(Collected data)
BEGIN

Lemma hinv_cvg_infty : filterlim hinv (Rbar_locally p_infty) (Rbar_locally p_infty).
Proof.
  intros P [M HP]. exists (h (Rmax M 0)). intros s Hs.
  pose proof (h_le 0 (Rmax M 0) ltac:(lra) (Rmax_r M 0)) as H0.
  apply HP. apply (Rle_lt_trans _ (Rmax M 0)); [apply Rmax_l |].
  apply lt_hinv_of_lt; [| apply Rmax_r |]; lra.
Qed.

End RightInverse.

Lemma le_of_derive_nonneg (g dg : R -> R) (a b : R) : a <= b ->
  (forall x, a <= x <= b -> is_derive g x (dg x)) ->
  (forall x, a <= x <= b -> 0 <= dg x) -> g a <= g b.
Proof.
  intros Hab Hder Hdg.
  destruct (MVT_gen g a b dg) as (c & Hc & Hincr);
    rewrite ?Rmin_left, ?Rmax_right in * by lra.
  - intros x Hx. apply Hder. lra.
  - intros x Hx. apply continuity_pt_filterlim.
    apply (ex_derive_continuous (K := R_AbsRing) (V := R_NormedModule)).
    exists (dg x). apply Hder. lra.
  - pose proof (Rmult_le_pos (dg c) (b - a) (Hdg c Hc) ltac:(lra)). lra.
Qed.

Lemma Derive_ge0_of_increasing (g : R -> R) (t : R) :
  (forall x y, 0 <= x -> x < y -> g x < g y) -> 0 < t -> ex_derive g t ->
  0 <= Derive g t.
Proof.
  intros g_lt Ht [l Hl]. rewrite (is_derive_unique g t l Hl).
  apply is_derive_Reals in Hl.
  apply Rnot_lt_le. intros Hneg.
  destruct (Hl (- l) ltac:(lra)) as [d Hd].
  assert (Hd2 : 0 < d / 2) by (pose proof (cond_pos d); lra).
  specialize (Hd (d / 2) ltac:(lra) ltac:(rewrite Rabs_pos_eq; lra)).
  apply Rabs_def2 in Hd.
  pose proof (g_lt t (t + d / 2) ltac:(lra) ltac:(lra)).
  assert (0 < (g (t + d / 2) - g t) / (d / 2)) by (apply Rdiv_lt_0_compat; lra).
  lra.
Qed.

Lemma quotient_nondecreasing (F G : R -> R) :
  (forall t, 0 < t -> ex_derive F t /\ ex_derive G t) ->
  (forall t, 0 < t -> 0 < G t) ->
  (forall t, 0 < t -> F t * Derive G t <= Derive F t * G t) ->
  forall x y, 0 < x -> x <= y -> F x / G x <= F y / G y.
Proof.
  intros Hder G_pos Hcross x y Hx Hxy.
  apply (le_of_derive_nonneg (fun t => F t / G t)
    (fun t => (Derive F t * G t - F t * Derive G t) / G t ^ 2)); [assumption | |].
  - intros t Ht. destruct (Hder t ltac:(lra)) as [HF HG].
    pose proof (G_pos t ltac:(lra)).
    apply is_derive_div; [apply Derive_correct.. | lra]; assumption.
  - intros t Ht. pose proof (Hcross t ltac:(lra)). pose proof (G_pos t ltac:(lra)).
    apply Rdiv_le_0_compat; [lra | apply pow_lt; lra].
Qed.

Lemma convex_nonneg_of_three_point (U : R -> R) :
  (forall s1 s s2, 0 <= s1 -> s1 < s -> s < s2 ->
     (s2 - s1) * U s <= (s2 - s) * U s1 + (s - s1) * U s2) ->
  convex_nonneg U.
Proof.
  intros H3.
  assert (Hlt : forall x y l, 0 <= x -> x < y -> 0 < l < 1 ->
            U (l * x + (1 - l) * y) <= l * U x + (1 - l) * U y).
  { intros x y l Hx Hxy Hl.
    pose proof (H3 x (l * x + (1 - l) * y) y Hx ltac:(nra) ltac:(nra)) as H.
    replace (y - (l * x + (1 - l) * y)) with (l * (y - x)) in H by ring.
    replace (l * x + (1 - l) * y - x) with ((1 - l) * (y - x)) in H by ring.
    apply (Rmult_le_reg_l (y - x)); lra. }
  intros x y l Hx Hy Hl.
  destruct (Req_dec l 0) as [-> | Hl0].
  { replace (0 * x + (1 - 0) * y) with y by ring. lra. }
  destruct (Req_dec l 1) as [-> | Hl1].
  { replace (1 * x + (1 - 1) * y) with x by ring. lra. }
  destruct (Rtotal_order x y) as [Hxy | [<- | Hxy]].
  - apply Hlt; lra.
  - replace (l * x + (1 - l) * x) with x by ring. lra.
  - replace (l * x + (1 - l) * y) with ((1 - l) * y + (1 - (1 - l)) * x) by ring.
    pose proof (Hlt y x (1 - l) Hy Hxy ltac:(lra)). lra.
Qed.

END

What you return should be exactly the lines above, starting at the one with "apply is_derive_div; [apply" and ending at the one with "apply (Rmult_le_reg_l (y", and nothing else.

    apply is_derive_div; [apply Derive_correct.. | lra]; assumption.
  - intros t Ht. pose proof (Hcross t ltac:(lra)). pose proof (G_pos t ltac:(lra)).
    apply Rdiv_le_0_compat; [lra | apply pow_lt; lra].
Qed.

Lemma convex_nonneg_of_three_point (U : R -> R) :
  (forall s1 s s2, 0 <= s1 -> s1 < s -> s < s2 ->
     (s2 - s1) * U s <= (s2 - s) * U s1 + (s - s1) * U s2) ->
  convex_nonneg U.
Proof.
  intros H3.
  assert (Hlt : forall x y l, 0 <= x -> x < y -> 0 < l < 1 ->
            U (l * x + (1 - l) * y) <= l * U x + (1 - l) * U y).
  { intros x y l Hx Hxy Hl.
    pose proof (H3 x (l * x + (1 - l) * y) y Hx ltac:(nra) ltac:(nra)) as H.
    replace (y - (l * x + (1 - l) * y)) with (l * (y - x)) in H by ring.
    replace (l * x + (1 - l) * y - x) with ((1 - l) * (y - x)) in H by ring.
    apply (Rmult_le_reg_l (y - x)); lra. }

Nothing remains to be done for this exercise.